In the listing that follows, the lines starting at the one containing "have restrict (W" and ending at the one containing "(X := 6 * k * a * (r" are to be returned exactly, both boundary lines included, and no others.

EXCERPTED RECORDS:
——————————

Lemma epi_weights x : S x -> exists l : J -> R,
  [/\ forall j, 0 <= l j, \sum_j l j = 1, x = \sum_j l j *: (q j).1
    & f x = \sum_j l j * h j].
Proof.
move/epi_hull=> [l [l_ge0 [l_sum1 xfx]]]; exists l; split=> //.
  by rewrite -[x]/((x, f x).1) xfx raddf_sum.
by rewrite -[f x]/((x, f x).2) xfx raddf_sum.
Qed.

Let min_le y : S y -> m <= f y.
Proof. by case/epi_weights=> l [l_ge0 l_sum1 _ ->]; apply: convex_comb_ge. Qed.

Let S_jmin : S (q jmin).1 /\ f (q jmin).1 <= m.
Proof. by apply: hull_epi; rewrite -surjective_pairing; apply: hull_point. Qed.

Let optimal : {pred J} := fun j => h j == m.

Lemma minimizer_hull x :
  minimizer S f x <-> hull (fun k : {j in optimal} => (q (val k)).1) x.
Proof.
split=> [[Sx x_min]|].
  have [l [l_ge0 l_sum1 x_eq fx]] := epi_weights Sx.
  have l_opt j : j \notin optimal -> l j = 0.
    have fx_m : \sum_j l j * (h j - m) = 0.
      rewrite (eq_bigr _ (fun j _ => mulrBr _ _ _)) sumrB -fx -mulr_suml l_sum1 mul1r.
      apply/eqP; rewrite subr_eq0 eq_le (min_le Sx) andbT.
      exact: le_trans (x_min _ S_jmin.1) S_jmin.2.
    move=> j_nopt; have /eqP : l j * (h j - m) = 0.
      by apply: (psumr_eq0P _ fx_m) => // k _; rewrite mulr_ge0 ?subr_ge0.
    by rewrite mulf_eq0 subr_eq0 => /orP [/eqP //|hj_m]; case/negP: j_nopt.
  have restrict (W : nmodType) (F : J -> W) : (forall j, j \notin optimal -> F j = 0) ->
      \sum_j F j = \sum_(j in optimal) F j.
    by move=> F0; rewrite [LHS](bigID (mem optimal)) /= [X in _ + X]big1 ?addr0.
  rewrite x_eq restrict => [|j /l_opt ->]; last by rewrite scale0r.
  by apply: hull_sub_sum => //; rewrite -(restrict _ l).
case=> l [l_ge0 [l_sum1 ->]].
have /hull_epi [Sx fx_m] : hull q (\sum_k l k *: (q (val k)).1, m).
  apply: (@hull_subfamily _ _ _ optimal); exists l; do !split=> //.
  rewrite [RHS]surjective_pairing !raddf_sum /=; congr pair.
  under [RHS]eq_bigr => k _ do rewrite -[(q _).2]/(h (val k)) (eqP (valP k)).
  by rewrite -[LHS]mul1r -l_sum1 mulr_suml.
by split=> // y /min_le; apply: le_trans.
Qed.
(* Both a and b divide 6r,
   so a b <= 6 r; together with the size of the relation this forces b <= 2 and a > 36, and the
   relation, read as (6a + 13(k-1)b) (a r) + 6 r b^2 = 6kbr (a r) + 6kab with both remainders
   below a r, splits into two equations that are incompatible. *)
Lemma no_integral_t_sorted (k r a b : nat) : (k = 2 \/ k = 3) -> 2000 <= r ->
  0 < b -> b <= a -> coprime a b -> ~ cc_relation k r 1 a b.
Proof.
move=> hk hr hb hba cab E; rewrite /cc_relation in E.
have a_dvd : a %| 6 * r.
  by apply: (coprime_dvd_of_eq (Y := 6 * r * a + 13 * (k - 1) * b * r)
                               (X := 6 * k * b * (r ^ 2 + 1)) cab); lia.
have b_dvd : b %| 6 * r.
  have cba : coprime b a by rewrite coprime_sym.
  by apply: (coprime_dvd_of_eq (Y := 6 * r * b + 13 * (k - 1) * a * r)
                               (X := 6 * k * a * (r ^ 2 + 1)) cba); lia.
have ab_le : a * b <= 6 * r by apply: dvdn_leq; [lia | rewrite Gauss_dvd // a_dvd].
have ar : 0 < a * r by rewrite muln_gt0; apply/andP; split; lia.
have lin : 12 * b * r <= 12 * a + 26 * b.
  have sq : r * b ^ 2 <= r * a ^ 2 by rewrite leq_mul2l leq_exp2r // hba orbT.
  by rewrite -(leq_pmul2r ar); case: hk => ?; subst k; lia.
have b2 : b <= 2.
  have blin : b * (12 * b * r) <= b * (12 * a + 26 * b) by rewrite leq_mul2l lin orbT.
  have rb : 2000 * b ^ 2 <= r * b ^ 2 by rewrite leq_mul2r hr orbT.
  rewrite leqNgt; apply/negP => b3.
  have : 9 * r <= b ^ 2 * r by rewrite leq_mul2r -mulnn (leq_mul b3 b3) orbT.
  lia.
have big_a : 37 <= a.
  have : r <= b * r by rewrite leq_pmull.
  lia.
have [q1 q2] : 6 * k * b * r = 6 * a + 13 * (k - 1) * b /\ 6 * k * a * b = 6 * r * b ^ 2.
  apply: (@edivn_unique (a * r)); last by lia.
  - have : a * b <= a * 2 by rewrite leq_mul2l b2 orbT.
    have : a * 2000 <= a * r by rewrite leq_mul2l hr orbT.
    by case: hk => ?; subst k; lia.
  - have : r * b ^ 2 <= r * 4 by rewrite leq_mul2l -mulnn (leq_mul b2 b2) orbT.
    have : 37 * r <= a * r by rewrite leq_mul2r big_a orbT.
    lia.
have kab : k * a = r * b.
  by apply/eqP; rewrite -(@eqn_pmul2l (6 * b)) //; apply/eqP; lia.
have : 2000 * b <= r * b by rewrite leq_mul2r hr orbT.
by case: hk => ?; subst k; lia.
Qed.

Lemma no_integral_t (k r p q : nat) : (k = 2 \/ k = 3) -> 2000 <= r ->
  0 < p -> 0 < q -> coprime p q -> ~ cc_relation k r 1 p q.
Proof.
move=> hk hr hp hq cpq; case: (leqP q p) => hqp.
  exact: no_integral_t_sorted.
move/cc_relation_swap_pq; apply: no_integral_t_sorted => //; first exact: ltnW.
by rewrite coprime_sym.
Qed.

——————————

RESULT OF THIS EXERCISE:
  have restrict (W : nmodType) (F : J -> W) : (forall j, j \notin optimal -> F j = 0) ->
      \sum_j F j = \sum_(j in optimal) F j.
    by move=> F0; rewrite [LHS](bigID (mem optimal)) /= [X in _ + X]big1 ?addr0.
  rewrite x_eq restrict => [|j /l_opt ->]; last by rewrite scale0r.
  by apply: hull_sub_sum => //; rewrite -(restrict _ l).
case=> l [l_ge0 [l_sum1 ->]].
have /hull_epi [Sx fx_m] : hull q (\sum_k l k *: (q (val k)).1, m).
  apply: (@hull_subfamily _ _ _ optimal); exists l; do !split=> //.
  rewrite [RHS]surjective_pairing !raddf_sum /=; congr pair.
  under [RHS]eq_bigr => k _ do rewrite -[(q _).2]/(h (val k)) (eqP (valP k)).
  by rewrite -[LHS]mul1r -l_sum1 mulr_suml.
by split=> // y /min_le; apply: le_trans.
Qed.
(* Both a and b divide 6r,
   so a b <= 6 r; together with the size of the relation this forces b <= 2 and a > 36, and the
   relation, read as (6a + 13(k-1)b) (a r) + 6 r b^2 = 6kbr (a r) + 6kab with both remainders
   below a r, splits into two equations that are incompatible. *)
Lemma no_integral_t_sorted (k r a b : nat) : (k = 2 \/ k = 3) -> 2000 <= r ->
  0 < b -> b <= a -> coprime a b -> ~ cc_relation k r 1 a b.
Proof.
move=> hk hr hb hba cab E; rewrite /cc_relation in E.
have a_dvd : a %| 6 * r.
  by apply: (coprime_dvd_of_eq (Y := 6 * r * a + 13 * (k - 1) * b * r)
                               (X := 6 * k * b * (r ^ 2 + 1)) cab); lia.
have b_dvd : b %| 6 * r.
  have cba : coprime b a by rewrite coprime_sym.
  by apply: (coprime_dvd_of_eq (Y := 6 * r * b + 13 * (k - 1) * a * r)
                               (X := 6 * k * a * (r ^ 2 + 1)) cba); lia.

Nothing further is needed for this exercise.